__Extracted records__.
Lemma Inf2_Inf P : Inf2 U a P -> Inf U a P.
Proof.
move=> [hP [m [Q [R [QR_Inf aA]]]]]; set A := isub P _ in aA.
case: (a_ideal) => a_bCX _ _ aD aM.
have [e st_Q] : exists e, forall k, st_of U (Q k) (e k).
  apply: (choice_fun (P := fun k f => st_of U (Q k) f)) => k.
  by case: (QR_Inf k) => [[_ [e [he _]]] _]; exists e.
have [fB st_R] : exists fB : 'I_m -> (('I_n -> CC) -> CC) * ipoly I n, forall k,
    [/\ st_of U (R k) (fB k).1, a (fB k).2 & st_of U (fB k).2 (fB k).1].
  apply: (choice_fun (P := fun k fB => [/\ st_of U (R k) fB.1, a fB.2 & st_of U fB.2 fB.1])).
  move=> k; case: (QR_Inf k) => _ [_ [f [hf f_cl]]].
  by have [B [aB stB]] := a_saturated f_cl; exists (f, B).
have [g st_A] : exists g, st_of U A g.
  apply: (choice_fun (P := fun z c => is_st U (fun i => meval z (A i)) c)) => z.
  apply: is_st_exists.
  exact: (a_bCX _ aA (fun j _ => z j) (fun j => hbounded_cst U (z j))).
pose h z := g z + \sum_(k < m) e k z * (fB k).1 z.
have st_h (S : 'I_m -> ipoly I n) : (forall k, st_of U (S k) (fB k).1) ->
    st_of U (iadd A (isum (fun k => imul (Q k) (S k)))) h.
  move=> st_S z.
  apply: (is_st_eq (x := fun i => meval z (A i) +
                        \sum_(k < m) meval z (Q k i) * meval z (S k i))).
    apply: ultra_all => i; rewrite /iadd /isum [in RHS]mevalD [in RHS]raddf_sum.
    by congr (_ + _); apply: eq_bigr => k _; rewrite /= /imul mevalM.
  apply: is_st_add (st_A z) _.
  apply: (is_st_sum (x := fun k i => meval z (Q k i) * meval z (S k i))) => k.
  by apply: is_st_mul; [apply: st_Q | apply: st_S].
split => //; exists h; split.
  suff <- : iadd A (isum (fun k => imul (Q k) (R k))) = P.
    by apply: st_h => k; case: (st_R k).
  by apply: functional_extensionality => i; rewrite /iadd /A /isub subrK.
apply: st_set_co_closure; exists (iadd A (isum (fun k => imul (Q k) (fB k).2))).
split; last by apply: st_h => k; case: (st_R k).
apply: aD => //; apply: ideal_isum => k; apply: aM; last by case: (st_R k).
by case: (QR_Inf k) => [[]].
Qed.

End Ideal.

Theorem lemma6p4 (I : Type) (U : ultrafilter I) (n : nat)
  (a : ipoly I n -> Prop) :
  countably_incomplete U ->
  is_ideal U a ->
  saturated U a ->
  forall P : ipoly I n, Inf U a P <-> Inf2 U a P.
Proof.
move=> incomplete a_ideal a_saturated P.
by split; [apply: Inf_Inf2 | apply: Inf2_Inf].
Qed.
Lemma connect_sub_adj_setU1 F a b x y : conn (F :|: [set [set a; b]]) x y ->
  conn F x y \/ ((conn F x a \/ conn F x b) /\ (conn F a y \/ conn F b y)).
Proof.
case/connectP=> p; elim: p x => [|z p IH] x /=; first by move=> _ ->; left.
case/andP=> hxz hp hy.
have [E|NE] := eqVneq [set x; z] [set a; b].
  have [xab zab] : (conn F x a \/ conn F x b) /\ (conn F a z \/ conn F b z).
    by case: (set2_inj E) => -[-> ->]; split; (left + right).
  case: (IH z hp hy) => [zy | [_ aby]]; right; split => //.
  by case: zab => [az|bz]; [left | right]; apply: connect_trans zy.
have xz : conn F x z by apply/connect1/(sub_adj_setU1 hxz).
case: (IH z hp hy) => [zy | [zab aby]]; first by left; apply: connect_trans xz zy.
by right; split => //; case: zab => [za|zb]; [left | right]; apply: connect_trans xz _.
Qed.

Lemma disconnect_set2_notin F x y : ~~ conn F y x -> [set x; y] \notin F.
Proof.
move=> nyx; have yx := connect_sub_adj_neq nyx.
by apply: contra nyx => xyF; apply: connect1; rewrite /sub_adj yx setUC xyF.
Qed.

Lemma setU1_set2_mem F1 F2 x y1 y2 : y1 != x -> y1 != y2 ->
  F1 :|: [set [set x; y1]] = F2 :|: [set [set x; y2]] -> [set x; y1] \in F2.
Proof.
move=> y1x y12 E.
have : [set x; y1] \in F1 :|: [set [set x; y1]] by rewrite in_setU set11 orbT.
rewrite E in_setU in_set1 => /orP[// | /eqP/set2_inj].
by case=> -[_ y1E]; rewrite y1E eqxx in y12 y1x.
Qed.
(* Let $a \in \mathcal R$ and let $J_a^L, J_a^R$, $M$ and $N$ be as defined in the context. For each $\alpha \in J_a^L$ the map $T_\alpha$ satisfies $T_\alpha^M(\alpha) = T_\alpha^N(1-\alpha)$, and for each $\alpha \in J_a^R$ the map $T_\alpha$ satisfies $T_\alpha^{M+1}(\alpha) = T_\alpha^{N-1}(1-\alpha)$.
   Context: $[a_1,a_2,\ldots]$ denotes the (finite or infinite) regular continued fraction $\cfrac{1}{a_1+\cfrac{1}{a_2+\cdots}}$ and an overline denotes a periodically repeated block. For $\alpha \in (0,1)$ let $D_\alpha = \bigcup_{n \ge 1} \big[ \frac{1}{n+\alpha}, \frac1n \big]$, $D_\alpha^{\mathsf c} = [0,1]\setminus D_\alpha$, $I_\alpha = [\min\{\alpha,1-\alpha\},1]$, and $T_\alpha : I_\alpha \to I_\alpha$, $T_\alpha(x) = \frac1x - \lfloor \frac1x \rfloor$ if $x \in D_\alpha^{\mathsf c}$, $T_\alpha(x) = 1 + \lfloor \frac1x \rfloor - \frac1x$ if $x \in D_\alpha$. Let $g=\frac{\sqrt5-1}{2}$. Each rational $a\in\mathbb Q\cap(0,1)$ has two expansions $a=[a_1,\ldots,a_n]=[a_1,\ldots,a_n-1,1]$ with $a_n\ge2$; its quadratic interval $I_a$ is the open interval with endpoints $[\overline{a_1,\ldots,a_n}]$ and $[\overline{a_1,\ldots,a_n-1,1}]$, and $I_1 := (g,1)$. A quadratic interval is maximal if it is not properly contained in any other quadratic interval, and $\mathcal R = \{a \in \mathbb Q\cap(0,1] : I_a \text{ is maximal}\}$. For $a=[a_1,\ldots,a_n]\in\mathcal R\setminus\{1\}$ with $a_n\ge2$: if $n$ is odd, $J_a^L = ([1,\overline{a_1,\ldots,a_n-1,1}],[1,a_1,\ldots,a_n-1,1])$, $J_a^R = ([1,a_1,\ldots,a_n],[1,\overline{a_1,\ldots,a_n}])$, $M = a_1+a_3+\cdots+a_n$, $N = a_2+a_4+\cdots+a_{n-1}+2$; if $n$ is even, $J_a^L = ([1,\overline{a_1,\ldots,a_n}],[1,a_1,\ldots,a_n])$, $J_a^R = ([1,a_1,\ldots,a_n-1,1],[1,\overline{a_1,\ldots,a_n-1,1}])$, $M = a_1+a_3+\cdots+a_{n-1}+1$, $N = a_2+a_4+\cdots+a_n+1$. For $a=1$: $J_1^L=\emptyset$, $J_1^R=(\frac12,g)$, $M=1$, $N=2$. *)

From Stdlib Require Import Reals Lra List ClassicalEpsilon QArith.
From Coquelicot Require Import Coquelicot.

__What is being asked__.
Please return the lines above that run from the line containing "by apply: contra" to the line containing "(* Let $a \in", inclusive, exactly and with no other lines.

__Answer below__.
by apply: contra nyx => xyF; apply: connect1; rewrite /sub_adj yx setUC xyF.
Qed.

Lemma setU1_set2_mem F1 F2 x y1 y2 : y1 != x -> y1 != y2 ->
  F1 :|: [set [set x; y1]] = F2 :|: [set [set x; y2]] -> [set x; y1] \in F2.
Proof.
move=> y1x y12 E.
have : [set x; y1] \in F1 :|: [set [set x; y1]] by rewrite in_setU set11 orbT.
rewrite E in_setU in_set1 => /orP[// | /eqP/set2_inj].
by case=> -[_ y1E]; rewrite y1E eqxx in y12 y1x.
Qed.
(* Let $a \in \mathcal R$ and let $J_a^L, J_a^R$, $M$ and $N$ be as defined in the context. For each $\alpha \in J_a^L$ the map $T_\alpha$ satisfies $T_\alpha^M(\alpha) = T_\alpha^N(1-\alpha)$, and for each $\alpha \in J_a^R$ the map $T_\alpha$ satisfies $T_\alpha^{M+1}(\alpha) = T_\alpha^{N-1}(1-\alpha)$.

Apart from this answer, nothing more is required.